Fig. 1: The mysterious device was manufactured in Nuremberg. Credit: Jens Krogh-Madsen
Fig. 2: What kind of instrument is this? Credit: Jens Krogh-Madsen
Fig. 3: What was this tool used for? Credit: Jens Krogh-Madsen
Fig. 4: When was the instrument made? Credit: Jens Krogh-Madsen
A surveying instrument?
The designations "Linea Stereometrica," "Linea Arithmetrica," and "Linea Geometrica" were common for sectors (sector compasses). These mathematical instruments were used from the 17th to the end of the 19th century for complex calculations and were produced in many countries (e.g. France, Italy, the U.K.).

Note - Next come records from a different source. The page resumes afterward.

Lemma regular_edge_weight A : regular (edge_weight J epsbar A).
Proof.
  induction A as [|e A IH]; [apply regular_const|].
  apply (regular_mult (fun th => exp (J (vsub (fst e) (snd e)) *
                                      epsbar (th (fst e) - th (snd e))) - 1)); auto.
  apply regular_edge_factor with (eps := eps); auto.
Qed.

Lemma ZA_cons_le x y A :
  ZA J M thbar K c epsbar ((x, y) :: A) <= 2 * eps * J (vsub x y) * ZA J M thbar K c epsbar A.
Proof.
  set (C := 2 * eps * J (vsub x y)).
  set (W := fun th => exp (Hft J M K c th) * edge_weight J epsbar A th).
  assert (HW : regular W) by (apply regular_mult; auto using regular_exp, regular_Hft, regular_edge_weight).
  rewrite !ZA_integral. unfold integrate. fold W.
  rewrite <- iint_scal by apply HW.
  apply iint_mono.
  - apply regular_mult; auto using regular_exp, regular_Hft.
    apply (regular_edge_weight ((x, y) :: A)).
  - apply regular_mult; [apply regular_const | apply HW].
  - intros th. unfold W.
    change (edge_weight J epsbar ((x, y) :: A) th) with
      ((exp (J (vsub x y) * epsbar (th x - th y)) - 1) * edge_weight J epsbar A th).
    destruct (edge_factor_bounds (J (vsub x y)) (epsbar (th x - th y)) eps) as [_ Hup];
      auto using J_le1.
    set (E := exp (Hft J M K c th)). set (P := edge_weight J epsbar A th).
    replace (E * (_ * P)) with ((exp (J (vsub x y) * epsbar (th x - th y)) - 1) * (E * P))
      by ring.
    apply Rmult_le_compat_r; [|exact Hup].
    apply Rmult_le_pos; [left; apply exp_pos | apply edge_weight_nonneg].
Qed.

End Domination.

(* Theorem: pi(D + {x,y}) <= 2 eps J_{x-y} pi(D). *)
Theorem mainTheorem4
  (J : V -> R)
  (HJnn : forall x, 0 <= J x)
  (HJsym : forall x, J x = J (vopp x))
  (HJsum : Un_cv (fun n => lsum (box n) J) 1)
  (M : nat) (HM : (1 <= M)%nat)
  (thbar : V -> R) (Hthbar : forall y, 0 <= thbar y < 2 * PI)
  (K : nat) (c : nat -> R)
  (eps : R) (epsbar : R -> R)
  (Hepsbar_cont : continuity epsbar)
  (Hepsbar_per : forall t, epsbar (t + 2 * PI) = epsbar t)
  (Hepsbar_bd : forall t, 0 <= epsbar t <= eps)
  (Heps : 0 < eps <= 1)
  (D : list (V * V)) (HD : edge_set M D)
  (x y : V) (He : is_edge M (x, y))
  (HeD : forall d, In d D -> ~ same_edge (x, y) d) :
  piA J M thbar K c epsbar ((x, y) :: D)
    <= 2 * eps * J (vsub x y) * piA J M thbar K c epsbar D.
Proof.
  unfold piA, Rdiv. rewrite <- Rmult_assoc.
  apply Rmult_le_compat_r.
  - apply inv_Zpart_nonneg.
  - apply ZA_cons_le with (eps := eps); auto; lra.
Qed.
(* Let $\Pi$ be an $n$-dimensional linear space satisfying the exchange axiom and the axiom (P2), let $0<k<n-1$, let $B=\{p_1,\dots,p_{n+1}\}$ be a base of $\Pi$, and let $\mathcal{B}_k$ be the base subset of $\mathcal{G}_k(\Pi)$ associated with $B$. If $\mathcal{R}$ is a maximal inexact subset of $\mathcal{B}_k$, then there exist distinct indices $i,j$ such that $$\mathcal{R}=\mathcal{B}_k(-i)\cup\mathcal{B}_k(p_ip_j).$$
   Context: A linear space $\Pi=(P,\mathcal{L})$ is a set $P$ of points with a family $\mathcal{L}$ of proper subsets (lines) such that each line has at least two points and any two distinct points $p,q$ lie on exactly one line $pq$. A subspace is a set $S\subset P$ with $pq\subset S$ for all distinct $p,q\in S$; $\overline{X}$ is the smallest subspace containing $X$. A set $X$ is independent if $\overline{X}$ is not spanned by a proper subset of $X$; a base of $\Pi$ is an independent set spanning $P$. A subspace is $m$-dimensional if $m+1$ is the smallest number of points spanning it. Exchange axiom: for every $X\subset P$ and $p_1,p_2\in P\setminus\overline{X}$, $p_2\in\overline{X\cup\{p_1\}}$ implies $p_1\in\overline{X\cup\{p_2\}}$. Axiom (P2): every line has at least three points. $\mathcal{G}_k(\Pi)$ is the set of $k$-dimensional subspaces; the base subset of $\mathcal{G}_k(\Pi)$ associated with a base $B$ is the set of all $k$-dimensional subspaces spanned by points of $B$. A subset $\mathcal{R}\subset\mathcal{B}_k$ is exact if $\mathcal{B}_k$ is the unique base subset of $\mathcal{G}_k(\Pi)$ containing $\mathcal{R}$, and inexact otherwise; a maximal inexact subset is one maximal under inclusion among inexact subsets of $\mathcal{B}_k$. $\mathcal{B}_k(-i)$ is the set of elements of $\mathcal{B}_k$ not containing $p_i$, and $\mathcal{B}_k(p_ip_j)$ is the set of elements of $\mathcal{B}_k$ containing the line $p_ip_j$. *)

(* Sets are predicates [T -> Prop]; equality of sets is Leibniz
   equality, which coincides with extensional set equality. *)
From Stdlib Require Import List Arith.
Import ListNotations.

Section LinearSpaces.
Context {P : Type}.
Variable L : (P -> Prop) -> Prop.

Definition subset (X Y : P -> Prop) : Prop := forall x, X x -> Y x.
Definition fullset : P -> Prop := fun _ => True.

Definition linear_space : Prop :=
  (forall l, L l -> exists x, ~ l x) /\
  (forall l, L l -> exists a b, a <> b /\ l a /\ l b) /\
  (forall p q, p <> q -> exists l, L l /\ l p /\ l q /\
      forall l', L l' -> l' p -> l' q -> l' = l).

Definition is_line_through (p q : P) (l : P -> Prop) : Prop := L l /\ l p /\ l q.

Definition subspace (S : P -> Prop) : Prop :=
  forall p q, S p -> S q -> p <> q ->
    forall l, is_line_through p q l -> subset l S.

Definition closure (X : P -> Prop) : P -> Prop :=
  fun x => forall S, subspace S -> subset X S -> S x.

Fortunately, Aldo Lardelli from the Kern Collection in the Stadtmuseum Aarau (Kern & Co. AG ÷ 1819 to 1991 in Aarau, Werke für Präzisionsmechanik, Optik und Elektronik) can help us (Willkommen - Kern Aarau (kern-aarau.ch): "Your device must be a so-called "graphometer." Such instruments have been used for centuries for surveying. However, the design and handling were very different. Your instrument seems to me to be complete and ready to measure, all that is missing is a tripod or stick to put it on. What I find unusual about this graphometer is the system of transversal reading at the angle division. I was familiar with this for distances on scales." Aldo Lardelli also refers us to a French book from 1597.
What is a graphometer?
Some descriptions follow.
Landesmuseum Württemberg, Stuttgart
Irmgard Müsch from the Landesmuseum Württemberg in Stuttgart describes the device like this:
"So-called graphometers were standard equipment of a geographer in the 17th century. At that time, surveying was the special focus of the rulers of the region. Surveyors mapped the dominion and recorded mineral resources and wood deposits. To use the graphometer, the fixed sights on the straight line of the semicircle were used to aim at a landmark and the movable sighting rule was used to aim at the second point. The angle between the two points could then be read off the scale. The instrument, decorated with sawed-out circular ornaments, could also be used to measure vertical angles (Landesmuseum Württemberg Stuttgart (landesmuseum-stuttgart.de).
History Science Museum, Oxford
Jim Bennet explains the surveying instrument as follows:
"The graphometer is similar in principle to a simple theodolite, but with a semicircle divided into degrees instead of a full circle. There are four sights: the diameter of the semicircle has fixed sights at either end, while at the centre of this diameter a pivot carries a sighting rule or alidade that moves across the divided semicircle.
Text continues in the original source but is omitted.